**REQUIRED ACTION:**
Please return only the lines from the one holding "exists d : T -> T -> R, is_metric_on A d /\" through the one holding "(* Compact space", exactly as they appear in the records below, both ends included.

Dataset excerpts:
..........

(* The subspace A of T is metrizable: some metric on A generates the
   relative topology of A (relatively open sets = traces of open sets). *)
Definition metrizable_on (T : topologicalType) (A : set T) : Prop :=
  exists d : T -> T -> R, is_metric_on A d /\
    forall U : set T, U `<=` A ->
      ((exists V : set T, open V /\ U = V `&` A) <->
       (forall x, U x -> exists2 e : R, 0 < e &
            forall y, A y -> d x y < e -> U y)).

Definition metrizable (T : topologicalType) : Prop := metrizable_on [set: T].

Definition separable_on (T : topologicalType) (A : set T) : Prop :=
  exists D : set T, D `<=` A /\ countable D /\ A `<=` closure D.

Definition separable (T : topologicalType) : Prop :=
  exists D : set T, countable D /\ dense D.

Definition ccc (T : topologicalType) : Prop :=
  forall F : set (set T),
    (forall U, F U -> open U /\ U !=set0) ->
    (forall U V, F U -> F V -> U <> V -> U `&` V = set0) ->
    countable F.

Definition aleph0_monolithic (T : topologicalType) : Prop :=
  forall A : set T, separable_on A -> metrizable_on A.

(* Compact space (Hausdorff convention of the paper). *)
Definition compact_space (T : topologicalType) : Prop :=
  hausdorff_space T /\ compact [set: T].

..........

**RESPONSE TO THIS TASK:**
  exists d : T -> T -> R, is_metric_on A d /\
    forall U : set T, U `<=` A ->
      ((exists V : set T, open V /\ U = V `&` A) <->
       (forall x, U x -> exists2 e : R, 0 < e &
            forall y, A y -> d x y < e -> U y)).

Definition metrizable (T : topologicalType) : Prop := metrizable_on [set: T].

Definition separable_on (T : topologicalType) (A : set T) : Prop :=
  exists D : set T, D `<=` A /\ countable D /\ A `<=` closure D.

Definition separable (T : topologicalType) : Prop :=
  exists D : set T, countable D /\ dense D.

Definition ccc (T : topologicalType) : Prop :=
  forall F : set (set T),
    (forall U, F U -> open U /\ U !=set0) ->
    (forall U V, F U -> F V -> U <> V -> U `&` V = set0) ->
    countable F.

Definition aleph0_monolithic (T : topologicalType) : Prop :=
  forall A : set T, separable_on A -> metrizable_on A.

(* Compact space (Hausdorff convention of the paper). *)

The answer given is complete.